The Entry class allows services to advertise their capabilities in very flexible ways. For example, suppose an editor was capable of handling a number of file types, such as plain text and RTF files. It could do so by exporting a service object implementing Editor along with an Entry object saying that it can handle plain text and another Entry object saying that it can handle RTF files. The service implementation can just add more and more information about its capabilities without altering the basic interface.

To manage this way of adding information, we could have a FileType class , which would give information about the types of files handled:

 public Class FileType implements Entry {     public String type; // this is a MIME type     public FileType(String type) {        this.type = type;     } }

For a text editor, the attribute set would be FileType("plain/text") . For an RTF editor, the attribute set would be FileType("application/rtf") .

For an editor capable of handling both plain text and RTF files, its capabilities would be given by using an array of entries:

 Entry[] entries = new Entry[] {new FileType("plain/text"),                                new FileType("application/rtf")                               };

On the other side, suppose a client wishes to find services that can handle the attributes that it requires. The client uses the same Entry class to do this. For any particular Entry , the client specifies both of the following:

Which fields must match exactly (a non- null value)
Which fields it does not care about (a null value)

For example, to search for a plain text editor, an entry like this would be used:

 Entry[] entries = new Entry[] {new FileType("plain/text")};

If any editor would do, the following entry could be used:

 Entry[] entries = new Entry[] {new FileType(null)};

Attribute Matching Mechanism

The attribute matching mechanism is pretty basic. For example, a printer typically has the capacity to print a certain number of pages per minute, but if it specifies this using an Entry , it actually becomes rather hard to find. A client can request a printer service in which it does not care about speed, or it can request a particular speed. It cannot ask for printers with a speed greater than some value. It cannot ask for a printer without a capability, such as anything except a color printer. An attribute must either match exactly or be ignored. The relational operators such as "<" and "!=" are not supported.

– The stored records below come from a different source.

Lemma related_PS_not_stationary : ~ stationary (PS lf_game) gS.
Proof.
have [lead foll] := static_rel_copy_values rel.
apply: (derive_neq0_not_stationary (P := PS lf_game) (k := leader) (w := tt) Rlt_0_1 lead).
  rewrite condcost_PS_leader foll; exact: leader_cost_derive.
lra.
Qed.

End RelatedToCopyHalf.

Lemma const_one_PS_DM_NE : DM_NE (PS lf_game) (const_policy 1).
Proof.
split=> [|k g' g'A g'E]; first exact: const_policy_admissible.
rewrite !Jcost_PS; case: (ord2P k) g'E => -> g'E.
- rewrite (g'E follower); last exact: follower_neq_leader.
  exact: leader_cost_min.
- rewrite (g'E leader); last by move/esym/follower_neq_leader.
  exact: follower_cost_min.
Qed.

Lemma const_one_PS_stationary : stationary (PS lf_game) (const_policy 1).
Proof.
split=> [|k [] _]; first exact: const_policy_admissible.
case: (ord2P k) => ->.
- rewrite condcost_PS_leader.
  have := leader_cost_derive 1 1; rewrite (_ : 2 * (1 - 1) = 0) //; lra.
- rewrite condcost_PS_follower.
  have := follower_cost_derive 1 1; rewrite (_ : 2 * (1 - 1) = 0) //; lra.
Qed.

Lemma copy_one_PD_not_DM_NE : ~ DM_NE (PD lf_game) (copy_policy 1).
Proof.
move=> gNE; have := DM_NE_le_setpol (G := lf_game) leader (/2) gNE.
have gA := copy_policy_admissible 1.
rewrite !Jcost_PD //; last exact: setpol_admissible.
change (leader_cost 1 1 <= leader_cost (/2) (/2) -> False).
rewrite /leader_cost; lra.
Qed.

Lemma copy_one_PD_not_stationary : ~ stationary (PD lf_game) (copy_policy 1).
Proof.
apply: (derive_neq0_not_stationary (P := PD lf_game) (k := leader) (w := tt) (x := 1) Rlt_0_1).
- by rewrite pact_PD //; exact: copy_policy_admissible.
- rewrite condcost_PD_copy_leader; exact: leader_cost_diag_derive.
- lra.
Qed.

Definition lf_cost_grad (i j : 'I_2) (u : 'I_2 -> R) : R :=
  if i == leader then
    if j == leader then 2 * (u leader - 1) else 2 * u follower
  else
    if j == leader then 2 * (u leader - u follower) else 2 * (u follower - u leader).

Lemma lf_cost_partial i j w0 u :
  derivable_pt_lim (fun t => lf_cost i w0 (upd u j t)) (u j) (lf_cost_grad i j u).
Proof.
apply/is_derive_Reals.
case: (ord2P i) => ->; case: (ord2P j) => ->;
  rewrite /lf_cost /lf_cost_grad /upd /leader_cost /follower_cost /=;
  by auto_derive => //; ring.
Qed.

Lemma lf_cost_grad_continuous i j : cont_fun (lf_cost_grad i j).
Proof.
move=> u eps eps_pos; exists (eps / 4); split=> [|v uv]; first lra.
have [+ +] := Rabs_def2 _ _ (uv leader); have [+ +] := Rabs_def2 _ _ (uv follower).
move=> ? ? ? ?; apply: Rabs_def1;
  case: (ord2P i) => ->; case: (ord2P j) => ->; rewrite /lf_cost_grad /=; lra.
Qed.

Lemma lf_cost_cont_diff i w0 : cont_diff (lf_cost i w0).
Proof.
exists (lf_cost_grad i); split=> [j u|]; [exact: lf_cost_partial | exact: lf_cost_grad_continuous].
Qed.

Lemma lf_cost_convex i w0 : jointly_convex (lf_cost i w0).
Proof.
move=> u v t t01; rewrite /lf_cost.
case: (ord2P i) => -> /=; rewrite /leader_cost /follower_cost.
- have := sqr_convex (u leader - 1) (v leader - 1) t01.
  have := sqr_convex (u follower) (v follower) t01.
  by rewrite (_ : t * u leader + (1 - t) * v leader - 1 =
                  t * (u leader - 1) + (1 - t) * (v leader - 1)); [lra | ring].
- have := sqr_convex (u follower - u leader) (v follower - v leader) t01.
  by rewrite (_ : t * u follower + (1 - t) * v follower - (t * u leader + (1 - t) * v leader) =
                  t * (u follower - u leader) + (1 - t) * (v follower - v leader)); [lra | ring].
Qed.

Lemma copy_half_condC : condC (copy_policy (/2)).
Proof.
move=> k w; rewrite /copy_policy; case: (ord2P k) => ->.
- by exists (fun _ => 0), (/2) => u; rewrite fsum_ord2 /=; lra.
- exists (fun j => if j == leader then 1 else 0), 0 => u.
  by rewrite fsum_ord2 /= -/leader; ring.
Qed.

Theorem proposition3p1 :
  forall nt : eq_notion,
  (* (i) *)
  (exists (G : game) (gD : policy G),
      partially_nested G /\ is_eq nt (PD G) gD /\
      (exists gS : policy G, admissible gS /\ static_rel gD gS) /\
      (forall gS : policy G, admissible gS -> static_rel gD gS ->
         ~ is_eq nt (PS G) gS)) /\
  (* (ii) *)
  (exists (G : game) (gS : policy G),
      partially_nested G /\ is_eq nt (PS G) gS /\
      exists gD : policy G,
        admissible gD /\ static_rel gD gS /\ ~ is_eq nt (PD G) gD) /\
  (* (iii) *)
  (exists (G : game) (gD : policy G),
      partially_nested G /\
      (forall i w0, cont_diff (cost G i w0) /\ jointly_convex (cost G i w0)) /\
      condC gD /\
      is_eq nt (PD G) gD /\
      (exists gS : policy G, admissible gS /\ static_rel gD gS) /\
      (forall gS : policy G, admissible gS -> static_rel gD gS ->
         ~ is_eq nt (PS G) gS)).
Proof.
move=> nt; have pn := lf_partially_nested.
have copy_half_PD : is_eq nt (PD lf_game) (copy_policy (/2)).
  exact: is_eq_DM_NE_stationary lf_owner_injective
           copy_half_PD_DM_NE copy_half_PD_stationary.
have related_PS gS : admissible gS -> static_rel (copy_policy (/2)) gS ->
    ~ is_eq nt (PS lf_game) gS.
  move=> _ rel; exact: not_is_eq_DM_NE_stationary
                         (related_PS_not_DM_NE rel) (related_PS_not_stationary rel).
have related_const_half : exists gS : policy lf_game,
    admissible gS /\ static_rel (copy_policy (/2)) gS.
  exists (const_policy (/2)); split; [exact: const_policy_admissible | exact: static_rel_copy].
split; [|split].
- by exists lf_game, (copy_policy (/2)); do 3 split=> //.
- exists lf_game, (const_policy 1); split=> //; split.
    exact: is_eq_DM_NE_stationary lf_owner_injective
             const_one_PS_DM_NE const_one_PS_stationary.
  exists (copy_policy 1); split; first exact: copy_policy_admissible.
  split; first exact: static_rel_copy.
  exact: not_is_eq_DM_NE_stationary copy_one_PD_not_DM_NE copy_one_PD_not_stationary.
- exists lf_game, (copy_policy (/2)); split=> //; split.
    by move=> i w0; split; [exact: lf_cost_cont_diff | exact: lf_cost_convex].
  split; first exact: copy_half_condC.
  by do 3 split=> //.
Qed.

If you want to search for a printer with a particular speed, then printer speed capabilities may need to be given simpler descriptive values, such as "fast," "average," or "slow." Then, once you have a "fast" printer service returned to the client, it can perform a query on the service, itself, for the actual speed. This would be done outside of the Jini mechanisms, using whatever interface has been agreed on for the description of printers. A similar problem, that of finding a physically "close" service, is taken up in Chapter 13.

The attribute matching mechanism that was chosen by the Jini designers, of exact matches with wildcards, is comparatively easy to implement. It is a pity from the programmer's view that a more flexible mechanism was not used. One suggestion often made in the Jini mailing list is that there should be a boolean matches() method on the service object. However, that would involve unmarshalling the service on the locator in order to run the matches() method, and this would slow the lookup service down and generate a couple of awkward questions:

What security permissions should the filter run with?
What would happen if the filter modifies its arguments (deep copying to avoid this would cause further slowdowns)?

The ServiceDiscoveryManager ”discussed in Chapter 15 ”has the ability to do client-side filtering to partly rectify this problem.